E’ noto a tutti l’ “effetto Werther”, cioè il fatto che i suicidi tendono a moltiplicarsi per emulazione, per imitazione, come all’epoca in cui il famoso romanzo di Goethe, I dolori del giovane Werther, determinò un’epidemia di suicidi tale da indurre alcuni governi a vietare la diffusione del libro. Ebbene, quando una cultura finisce per accettare e legalizzare il suicidio assistito, anche le barriere religiose, culturali e morali, di fronte a questo gesto estremo, cadono, ed è inevitabile che l’eutanasia legale di qualcuno influenzi e favorisca altre eutanasie, a catena.

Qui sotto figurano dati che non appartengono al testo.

(* Let $\mathfrak l$ be a real finite-dimensional nilpotent Lie algebra with $\dim\mathfrak l'=2$ and $\mathfrak l'\subset\mathfrak z(\mathfrak l)$, let $X_1,X_2,X_3\in\mathfrak l$ and let $Y,Z$ be a basis of $\mathfrak l'$ such that $[X_1,X_2]=Y$, $[X_1,X_3]=Z$, $[X_2,X_3]=0$. Let $\mathfrak a$ be a semisimple orthogonal $\mathfrak l$-module and let $(\alpha,\gamma)\in\mathcal Z^2_Q(\mathfrak l,\mathfrak a)$ with $\alpha(\mathfrak l,\mathfrak l)\subset\mathfrak a^{\mathfrak l}$. Then: (i) $\alpha(Y,Z)=0$; (ii) $\alpha(Y,L)=0$ for all $L\in\mathfrak l$ with $[L,X_1]=[L,X_2]=0$; (iii) $\alpha(Z,L)=0$ for all $L\in\mathfrak l$ with $[L,X_1]=[L,X_3]=0$; (iv) $\langle\alpha(U_1,L_1),\alpha(U_2,L_2)\rangle=\langle\alpha(U_1,L_2),\alpha(U_2,L_1)\rangle$ for all $U_1,U_2\in\mathfrak l'$ and $L_1,L_2\in\mathfrak l$.
   Context: $\mathfrak l'=[\mathfrak l,\mathfrak l]$, $\mathfrak z(\mathfrak l)$ the centre. An orthogonal $\mathfrak l$-module is a finite-dimensional real vector space $\mathfrak a$ with a nondegenerate symmetric bilinear form $\langle\cdot,\cdot\rangle$ and a representation of $\mathfrak l$ by skew-adjoint maps; $\mathfrak a^{\mathfrak l}$ denotes the invariants. $C^p(\mathfrak l,\mathfrak a)$ are alternating $p$-linear maps with the Chevalley–Eilenberg differential $d$, $C^p(\mathfrak l)=C^p(\mathfrak l,\mathbb R)$; $\langle\alpha\wedge\alpha\rangle\in C^4(\mathfrak l)$ is the wedge product of $\alpha$ with itself followed by contraction with $\langle\cdot,\cdot\rangle$. $\mathcal Z^2_Q(\mathfrak l,\mathfrak a)=\{(\alpha,\gamma)\in C^2(\mathfrak l,\mathfrak a)\oplus C^3(\mathfrak l): d\alpha=0,\ d\gamma=\frac12\langle\alpha\wedge\alpha\rangle\}$. *)

From HB Require Import structures.
From mathcomp Require Import all_boot all_order all_algebra.
From mathcomp Require Import reals.
Set Implicit Arguments. Unset Strict Implicit. Unset Printing Implicit Defensive.
Import Order.TTheory GRing.Theory Num.Theory.
Local Open Scope ring_scope.

Section Defs.
Variable R : realType.

Section Lie.
Variable L : vectType R.
Variable br : L -> L -> L.

Definition is_lie_bracket : Prop :=
  [/\ (forall (a : R) x y z, br (a *: x + y) z = a *: br x z + br y z),
      (forall (a : R) x y z, br z (a *: x + y) = a *: br z x + br z y),
      (forall x, br x x = 0) &
      (forall x y z, br x (br y z) + br y (br z x) + br z (br x y) = 0)].

(* nilpotent: all iterated brackets [x_1,[x_2,...,[x_n,y]...]] of length n vanish *)
Definition lie_nilpotent : Prop :=
  exists n : nat, forall (s : seq L) (y : L), size s = n -> foldr br y s = 0.

Definition in_derived (u : L) : Prop :=
  exists s : seq (L * L), u = \sum_(p <- s) br p.1 p.2.

Definition derived_in_centre : Prop :=
  forall u, in_derived u -> forall w, br u w = 0.

Definition derived_basis (Y Z : L) : Prop :=
  [/\ in_derived Y, in_derived Z, free [:: Y; Z] &
      forall u, in_derived u -> exists a b : R, u = a *: Y + b *: Z].
End Lie.

Section Module.
Variables (L : vectType R) (br : L -> L -> L).
Variable A : vectType R.
Variable form : A -> A -> R.
Variable rho : L -> A -> A.

Definition is_orth_form : Prop :=
  [/\ (forall (c : R) u v w, form (c *: u + v) w = c * form u w + form v w),
      (forall u v, form u v = form v u) &
      (forall u, (forall v, form u v = 0) -> u = 0)].

Definition is_representation : Prop :=
  [/\ (forall (c : R) x y v, rho (c *: x + y) v = c *: rho x v + rho y v),
      (forall (c : R) x u v, rho x (c *: u + v) = c *: rho x u + rho x v) &
      (forall x y v, rho (br x y) v = rho x (rho y v) - rho y (rho x v))].

Definition skew_adjoint_rep : Prop :=
  forall x u v, form (rho x u) v = - form u (rho x v).

Definition orthogonal_module : Prop :=
  [/\ is_orth_form, is_representation & skew_adjoint_rep].

Definition invariant_subspace (U : {vspace A}) : Prop :=
  forall x u, u \in U -> rho x u \in U.

Definition semisimple_module : Prop :=
  forall U : {vspace A}, invariant_subspace U ->
    exists W : {vspace A}, [/\ invariant_subspace W, (U :&: W = 0)%VS &
                               (U + W = fullv)%VS].

Definition is_invariant (v : A) : Prop := forall x, rho x v = 0.
End Module.

Section Cochains.
Variables (L : vectType R) (br : L -> L -> L).
Variables (A : vectType R) (form : A -> A -> R) (rho : L -> A -> A).

Definition is_2cochain (alpha : L -> L -> A) : Prop :=
  [/\ (forall (c : R) x y z, alpha (c *: x + y) z = c *: alpha x z + alpha y z),
      (forall (c : R) x y z, alpha z (c *: x + y) = c *: alpha z x + alpha z y) &
      (forall x, alpha x x = 0)].

Definition is_3cochain (gamma : L -> L -> L -> R) : Prop :=
  [/\ (forall (c : R) x y z w, gamma (c *: x + y) z w = c * gamma x z w + gamma y z w),
      (forall (c : R) x y z w, gamma z (c *: x + y) w = c * gamma z x w + gamma z y w),
      (forall (c : R) x y z w, gamma z w (c *: x + y) = c * gamma z w x + gamma z w y),
      (forall x y, gamma x x y = 0) &
      [/\ (forall x y, gamma x y x = 0) & (forall x y, gamma y x x = 0)]].

(* Chevalley-Eilenberg differential of a 2-cochain *)
Definition d2 (alpha : L -> L -> A) (x0 x1 x2 : L) : A :=
  rho x0 (alpha x1 x2) - rho x1 (alpha x0 x2) + rho x2 (alpha x0 x1)
  - alpha (br x0 x1) x2 + alpha (br x0 x2) x1 - alpha (br x1 x2) x0.

(* Chevalley-Eilenberg differential of a real 3-cochain (trivial coefficients) *)
Definition d3 (gamma : L -> L -> L -> R) (x0 x1 x2 x3 : L) : R :=
  - gamma (br x0 x1) x2 x3 + gamma (br x0 x2) x1 x3 - gamma (br x0 x3) x1 x2
  - gamma (br x1 x2) x0 x3 + gamma (br x1 x3) x0 x2 - gamma (br x2 x3) x0 x1.

(* <alpha /\ alpha>: sum over (2,2)-shuffles sigma of
   sgn(sigma) <alpha(x_s1,x_s2), alpha(x_s3,x_s4)> *)
Definition wedge_form (alpha : L -> L -> A) (x0 x1 x2 x3 : L) : R :=
    form (alpha x0 x1) (alpha x2 x3) - form (alpha x0 x2) (alpha x1 x3)
  + form (alpha x0 x3) (alpha x1 x2) + form (alpha x1 x2) (alpha x0 x3)
  - form (alpha x1 x3) (alpha x0 x2) + form (alpha x2 x3) (alpha x0 x1).

Definition in_Z2Q (alpha : L -> L -> A) (gamma : L -> L -> L -> R) : Prop :=
  [/\ is_2cochain alpha, is_3cochain gamma,
      (forall x0 x1 x2, d2 alpha x0 x1 x2 = 0) &
      (forall x0 x1 x2 x3, d3 gamma x0 x1 x2 x3 = 2^-1 * wedge_form alpha x0 x1 x2 x3)].
End Cochains.
End Defs.

From HB Require Import structures.
From mathcomp Require Import all_boot all_order all_algebra.
From mathcomp Require Import reals lra.
Import Order.TTheory GRing.Theory Num.Theory.
Local Open Scope ring_scope.

Set Implicit Arguments. Unset Strict Implicit.

(* Since alpha takes invariant values, the cocycle identity d alpha = 0 loses
   its action terms and expresses alpha([x, y], w) through alpha([w, y], x) and
   alpha([w, x], y); both vanish when w commutes with x and y, which gives
   (i)-(iii) because l' is central.  For (iv), evaluate
   d gamma = 1/2 <alpha /\ alpha> at (U1, U2, L1, L2): every bracket involving
   U1 or U2 vanishes, so the left side reduces to -gamma([L1, L2], U1, U2),
   which is zero because gamma is alternating and its three arguments lie in
   the plane l'; on the right only the two mixed terms survive, by (i). *)

Section LinearMaps.
Variables (R : pzRingType) (U V : lmodType R) (f : U -> V).
Hypothesis f_lin : linear f.

Lemma linear_map0 : f 0 = 0.
Proof.
have := f_lin 1 0 0; rewrite !scale1r addr0 => f0_double.
by apply: (addrI (f 0)); rewrite addr0 -f0_double.
Qed.

Lemma linear_mapD x y : f (x + y) = f x + f y.
Proof. by have := f_lin 1 x y; rewrite !scale1r. Qed.

Lemma linear_mapZ c x : f (c *: x) = c *: f x.
Proof. by have := f_lin c x 0; rewrite !addr0 linear_map0 addr0. Qed.

End LinearMaps.

Section InvariantCocycle.
Variables (R : realType) (L A : vectType R) (br : L -> L -> L).
Variables (rho : L -> A -> A) (alpha : L -> L -> A).
Hypothesis alpha_linl : forall y, linear (alpha^~ y).
Hypothesis alpha_closed : forall x0 x1 x2, d2 br rho alpha x0 x1 x2 = 0.
Hypothesis alpha_invariant : forall x y, is_invariant rho (alpha x y).

Lemma invariant_cocycle_bracket x y w :
  alpha (br x y) w = alpha (br w y) x - alpha (br w x) y.
Proof.
have rho_alpha z x' y' : rho z (alpha x' y') = 0 := alpha_invariant x' y' z.
have /eqP := alpha_closed w x y.
by rewrite /d2 !rho_alpha subrr addr0 sub0r subr_eq0 addrC => /eqP.
Qed.

Lemma invariant_cocycle_commuting x y w :
  br w x = 0 -> br w y = 0 -> alpha (br x y) w = 0.
Proof.
move=> wx wy; have alpha0l z : alpha 0 z = 0 := linear_map0 (alpha_linl z).
by rewrite invariant_cocycle_bracket wx wy !alpha0l subrr.
Qed.

Lemma invariant_cocycle_derived u v :
  in_derived br u -> (forall x, br v x = 0) -> alpha u v = 0.
Proof.
move=> [s ->] v_central.
rewrite (big_morph (alpha^~ v) (linear_mapD (alpha_linl v)) (linear_map0 (alpha_linl v))).
by apply: big1 => p _; apply: invariant_cocycle_commuting.
Qed.

End InvariantCocycle.

Lemma is_3cochain_span2_eq0 (R : realType) (L : vectType R)
    (gamma : L -> L -> L -> R) (Y Z : L) (a1 b1 a2 b2 a3 b3 : R) :
  is_3cochain gamma ->
  gamma (a1 *: Y + b1 *: Z) (a2 *: Y + b2 *: Z) (a3 *: Y + b3 *: Z) = 0.
Proof.
case=> g1 g2 g3 gxxy [gxyx gyxx].
(* In the regular module R^o, [c *: r] is [c * r], so scalar maps are linear maps. *)
have gZ1 c x y z : gamma (c *: x) y z = c * gamma x y z.
  exact: (linear_mapZ (f := fun x => gamma x y z : R^o) (fun c x x' => g1 c x x' y z)).
have gZ2 c x y z : gamma y (c *: x) z = c * gamma y x z.
  exact: (linear_mapZ (f := fun x => gamma y x z : R^o) (fun c x x' => g2 c x x' y z)).
have gZ3 c x y z : gamma y z (c *: x) = c * gamma y z x.
  exact: (linear_mapZ (f := fun x => gamma y z x : R^o) (fun c x x' => g3 c x x' y z)).
rewrite !g1 !g2 !g3 !gZ1 !gZ2 !gZ3 !gxxy !gxyx !gyxx.
lra.
Qed.

Lemma Z2Q_central_exchange (R : realType) (L A : vectType R) (br : L -> L -> L)
    (form : A -> A -> R) (rho : L -> A -> A) (alpha : L -> L -> A)
    (gamma : L -> L -> L -> R) (U1 U2 L1 L2 : L) :
  in_Z2Q br form rho alpha gamma -> is_orth_form form ->
  (forall x, br U1 x = 0) -> (forall x, br U2 x = 0) ->
  alpha U1 U2 = 0 -> gamma (br L1 L2) U1 U2 = 0 ->
  form (alpha U1 L1) (alpha U2 L2) = form (alpha U1 L2) (alpha U2 L1).
Proof.
move=> [_ [g1 _ _ _ _] _ d3_wedge] [f1 fsym _] U1_central U2_central a12 g12.
have gamma0 y z : gamma 0 y z = 0.
  exact: (linear_map0 (f := fun x => gamma x y z : R^o) (fun c x x' => g1 c x x' y z)).
have form0l v : form 0 v = 0.
  exact: (linear_map0 (f := fun u => form u v : R^o) (fun c u u' => f1 c u u' v)).
have form0r v : form v 0 = 0 by rewrite fsym form0l.
have := d3_wedge U1 U2 L1 L2.
rewrite /d3 /wedge_form !U1_central !U2_central !gamma0 g12 a12 form0l form0r.
have := fsym (alpha U2 L1) (alpha U1 L2); have := fsym (alpha U2 L2) (alpha U1 L1).
lra.
Qed.

Theorem lemma2 (R : realType) (L : vectType R) (br : L -> L -> L)
  (A : vectType R) (form : A -> A -> R) (rho : L -> A -> A)
  (X1 X2 X3 Y Z : L) (alpha : L -> L -> A) (gamma : L -> L -> L -> R) :
  is_lie_bracket br ->
  lie_nilpotent br ->
  derived_in_centre br ->
  derived_basis br Y Z ->
  br X1 X2 = Y -> br X1 X3 = Z -> br X2 X3 = 0 ->
  orthogonal_module br form rho ->
  semisimple_module rho ->
  in_Z2Q br form rho alpha gamma ->
  (forall x y, is_invariant rho (alpha x y)) ->
  [/\ alpha Y Z = 0,
      (forall W, br W X1 = 0 -> br W X2 = 0 -> alpha Y W = 0),
      (forall W, br W X1 = 0 -> br W X3 = 0 -> alpha Z W = 0) &
      (forall U1 U2 L1 L2, in_derived br U1 -> in_derived br U2 ->
         form (alpha U1 L1) (alpha U2 L2) = form (alpha U1 L2) (alpha U2 L1))].
Proof.
move=> _ _ centre [Y_der Z_der _ derived_span] eY eZ _ [orth _ _] _ Z2Q inv.
have [[alpha_lin _ _] gamma_coc closed _] := Z2Q.
have alpha_linl y : linear (alpha^~ y) by move=> c x x'; exact: alpha_lin.
have alpha_derived u v : in_derived br u -> in_derived br v -> alpha u v = 0.
  by move=> du dv; apply: invariant_cocycle_derived (centre v dv).
split.
- exact: alpha_derived.
- by move=> W W1 W2; rewrite -eY (invariant_cocycle_commuting alpha_linl closed inv).
- by move=> W W1 W3; rewrite -eZ (invariant_cocycle_commuting alpha_linl closed inv).
move=> U1 U2 L1 L2 dU1 dU2.
apply: (Z2Q_central_exchange Z2Q orth (centre _ dU1) (centre _ dU2)).
  exact: alpha_derived.
have dL : in_derived br (br L1 L2) by exists [:: (L1, L2)]; rewrite big_seq1.
have [a1 [b1 ->]] := derived_span _ dL.
have [a2 [b2 ->]] := derived_span _ dU1.
have [a3 [b3 ->]] := derived_span _ dU2.
exact: is_3cochain_span2_eq0.
Qed.
Lemma lt0_powR_cvgy (R : realType) {T : Type} {F : set_system T} {FF : Filter F}
    (K E : R) (s : T -> R) :
  0 < K -> E < 0 -> (forall x, 0 < s x) -> s x @[x --> F] --> 0 ->
  K * s x `^ E @[x --> F] --> +oo.
Proof.
move=> K_gt0 E_lt0 s_gt0 s_cvg0; apply/cvgryPge => A.
set B := Num.max A 1; have B_gt0 : 0 < B by rewrite lt_max ltr01 orbT.
(* s x <= (B / K) ^ (1 / E) forces K * s x ^ E >= B *)
set th := (B / K) `^ E^-1; have th_gt0 : 0 < th by rewrite powR_gt0// divr_gt0.
move: s_cvg0 => /cvgrPdist_le /(_ th th_gt0); apply: filterS => x.
rewrite sub0r normrN (ger0_norm (ltW (s_gt0 x))) => sx_le.
have : th `^ E <= s x `^ E by apply: le0_ger_powR => //; exact: ltW.
rewrite /th -powRrM mulVf ?ltr0_neq0// powRr1 ?divr_ge0 ?(ltW B_gt0) ?(ltW K_gt0)//.
by rewrite ler_pdivrMr// mulrC => BK; apply: le_trans BK; rewrite le_max lexx.
Qed.

Section bayes_factor_lower_bounds.
Variables (R : realType) (n k : nat) (a : R) (p : 'I_k -> nat).
Hypothesis a_gt2 : 2 < a.

Local Notation e j := ((a + (p j)%:R) / 2 - 2).
Local Notation w := (- (n%:R - 1) / 2 : R).
Local Notation K :=
  (((a - 2) / 2) ^+ k * (2 `^ w * \prod_(j < k) 2^-1 `^ `|e j| * 2^-1 ^+ k)).

Lemma BF_const_gt0 : 0 < K.
Proof.
have a2_gt0 : 0 < (a - 2) / 2 by rewrite divr_gt0 ?subr_gt0.
rewrite !mulr_gt0 ?exprn_gt0 ?powR_gt0 ?invr_gt0//.
by apply: prodr_gt0 => j _; rewrite powR_gt0// invr_gt0.
Qed.

Lemma BF_ge_boxes (r : 'I_k -> R) N (c : nat -> R) (al be : nat -> nat -> R) :
  (forall l, 0 <= c l) -> (forall l j, 0 <= al l j <= be l j) -> (forall l j, be l j <= 1) ->
  (forall t (l l' : 'I_N), in_box k (al l) (be l) t -> in_box k (al l') (be l') t -> l = l') ->
  (forall t (l : 'I_N), in_box k (al l) (be l) t -> c l <= bf_integrand n a p r t) ->
  ((((a - 2) / 2) ^+ k * \sum_(l < N) c l * \prod_(j < k) (be l j - al l j))%:E
    <= BF n a p r)%E.
Proof.
move=> c0 al_be be1 disj cF; rewrite /BF EFinM; apply: lee_wpmul2l.
  by rewrite lee_fin exprn_ge0// divr_ge0// subr_ge0 ltW.
apply: iter_int01_ge_boxes => // t.
by rewrite /bf_integrand mulr_ge0 ?powR_ge0// prodr_ge0// => j _; rewrite powR_ge0.
Qed.

Lemma BF_ge_corner (r : 'I_k -> R) : (0 < n)%N ->
  (forall j, 0 <= r j) -> \sum_(j < k) r j < 1 ->
  ((K * (1 - \sum_(j < k) r j) `^ ((k%:R * (a - 2) + (\sum_(j < k) p j)%:R + 1 - n%:R) / 2))%:E
    <= BF n a p r)%E.
Proof.
move=> n_gt0 r0 sum_r; set s := 1 - \sum_(j < k) r j.
have s_gt0 : 0 < s by rewrite subr_gt0.
have s_le1 : s <= 1 by rewrite lerBlDr lerDl sumr_ge0.
have w_le0 : w <= 0 by rewrite ler_pdivrMr// mul0r oppr_le0 subr_ge0 ler1n.
pose c := \prod_(j < k) (2^-1 `^ `|e j| * s `^ e j) * (2 * s) `^ w.
have sum_e : \sum_(j < k) e j + w + k%:R =
    (k%:R * (a - 2) + (\sum_(j < k) p j)%:R + 1 - n%:R) / 2.
  rewrite sumrB sumr_const card_ord -mulr_suml big_split/= sumr_const card_ord natr_sum.
  by rewrite -[a *+ k]mulr_natl -[2 *+ k]mulr_natl; field.
have prod_s : \prod_(j < k) s `^ e j = s `^ \sum_(j < k) e j.
  elim/big_rec2: _ => [|j x y _ ->]; first by rewrite powRr0.
  by rewrite -powRD // (gt_eqF s_gt0) implybT.
have two_s : (2 * s) `^ w = 2 `^ w * s `^ w by rewrite powRM// ltW.
have half_s : 1 - s / 2 - (1 - s) = 2^-1 * s by field.
have -> : K * s `^ ((k%:R * (a - 2) + (\sum_(j < k) p j)%:R + 1 - n%:R) / 2) =
    ((a - 2) / 2) ^+ k * \sum_(l < 1) c * \prod_(j < k) ((1 - s / 2) - (1 - s)).
  rewrite -sum_e !powRD ?(gt_eqF s_gt0) ?implybT// powR_mulrn ?(ltW s_gt0)//.
  rewrite big_ord1 prodr_const card_ord half_s /c.
  rewrite [\prod_(j < k) (_ * _)]big_split/= prod_s two_s.
  by rewrite [(2^-1 * s) ^+ k]exprMn; ring.
apply: (@BF_ge_boxes r 1 (fun=> c) (fun _ _ => 1 - s) (fun _ _ => 1 - s / 2)).
- by move=> _; rewrite mulr_ge0 ?powR_ge0// prodr_ge0// => j _; rewrite mulr_ge0 ?powR_ge0.
- by move=> *; apply/andP; split; lra.
- by move=> *; lra.
- by move=> t l l' _ _; rewrite (ord1 l) (ord1 l').
- move=> t _ inb; apply: corner_box_estimate => //.
  by rewrite /s opprB addrC subrK.
Qed.

Lemma BF_ge_shells (r : 'I_k -> R) (i : 'I_k) N : a + (p i)%:R - 1 <= n%:R ->
  (forall j, 0 <= r j) -> \sum_(j < k) r j < 1 -> 1 - r i <= 2^-1 ^+ N ->
  ((K *+ N)%:E <= BF n a p r)%E.
Proof.
move=> n_ge r0 sum_r ri_le; have := a_gt2 => a2; have pi_ge0 : 0 <= (p i)%:R :> R := ler0n _ _.
have w_le0 : w <= 0 by rewrite ler_pdivrMr// mul0r oppr_le0 subr_ge0; lra.
have ew : e i + w <= -1 by lra.
pose h l : R := 2^-1 ^+ l.
have h_gt0 l : 0 < h l by rewrite exprn_gt0// invr_gt0.
have h_le1 l : h l <= 1 by rewrite exprn_ile1// ?invr_ge0 ?invf_le1// ler1n.
have hS l : h l.+1 = h l / 2 by rewrite /h exprSr.
have h_anti l l' : (l <= l')%N -> h l' <= h l.
  by move=> ll'; rewrite ler_wiXn2l// ?invr_ge0 ?invf_le1// ler1n.
pose C := \prod_(j < k) 2^-1 `^ `|e j|.
pose al l j := if j == val i then 1 - h l else 0.
pose be l j := if j == val i then 1 - h l / 2 else 2^-1.
have vol l : \prod_(j < k) (be l j - al l j) = h l * 2^-1 ^+ k.
  rewrite (_ : 2^-1 ^+ k = \prod_(j < k) 2^-1); last by rewrite prodr_const card_ord.
  rewrite (bigD1 i)//= [in RHS](bigD1 i)//= /al /be eqxx.
  rewrite (eq_bigr (fun=> 2^-1)); last by move=> j ji; rewrite !ifN// subr0.
  by field.
have -> : K *+ N =
    ((a - 2) / 2) ^+ k * \sum_(l < N) (2 `^ w / h l * C) * \prod_(j < k) (be l j - al l j).
  rewrite [X in _ = _ * X](eq_bigr (fun=> 2 `^ w * C * 2^-1 ^+ k)); last first.
    by move=> l _; rewrite vol; field; exact: lt0r_neq0.
  by rewrite sumr_const card_ord -mulrnAr.
apply: (@BF_ge_boxes r N (fun l => 2 `^ w / h l * C) al be).
- by move=> l; rewrite mulr_ge0 ?divr_ge0 ?powR_ge0 ?prodr_ge0// ?ltW// => j _; rewrite powR_ge0.
- by move=> l j; rewrite /al /be; case: ifP => _; have := h_gt0 l; have := h_le1 l; lra.
- by move=> l j; rewrite /be; case: ifP => _; have := h_gt0 l; lra.
- move=> t l l' /forallP/(_ i) + /forallP/(_ i); rewrite /al /be eqxx.
  move=> /andP[lo hi] /andP[lo' hi']; apply: val_inj; apply/eqP; rewrite eqn_leq.
  by apply/andP; split; rewrite leqNgt; apply/negP => /h_anti; rewrite hS; lra.
- move=> t l inb; apply: (@shell_box_estimate _ k i) => //; first by rewrite h_gt0 h_le1.
  by rewrite -hS; apply: le_trans ri_le (h_anti _ _ _).
Qed.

Una storia riportata da un personaggio non sospettabile come Umberto Veronesi, forse il più celebre propagandista dell’eutanasia in Italia, ci dice dove possa portare l’idea di una società che invece di farsi carico del dolore dei suoi membri, si dispone ad eliminarli. Scrive Veronesi: “Mi ha raccontato un amico, un medico in un paese in cui la legge consente il suicidio assistito: ‘Ho accompagnato un mio paziente, che voleva essere aiutato a morire. L’inviato dell’organizzazione ha preparato la pozione letale, il paziente ne ha bevuta la metà e poi ha avuto un ripensamento. L’incaricato gli ha detto: ‘Guardi che così rischia di avere delle sofferenze indicibili. Beva tutto perché io sono venuto qui perché lei finisca di bere!’ Il paziente ha obbedito ed è morto” (Umberto Veronesi, Il diritto di morire, Mondadori, 2005)».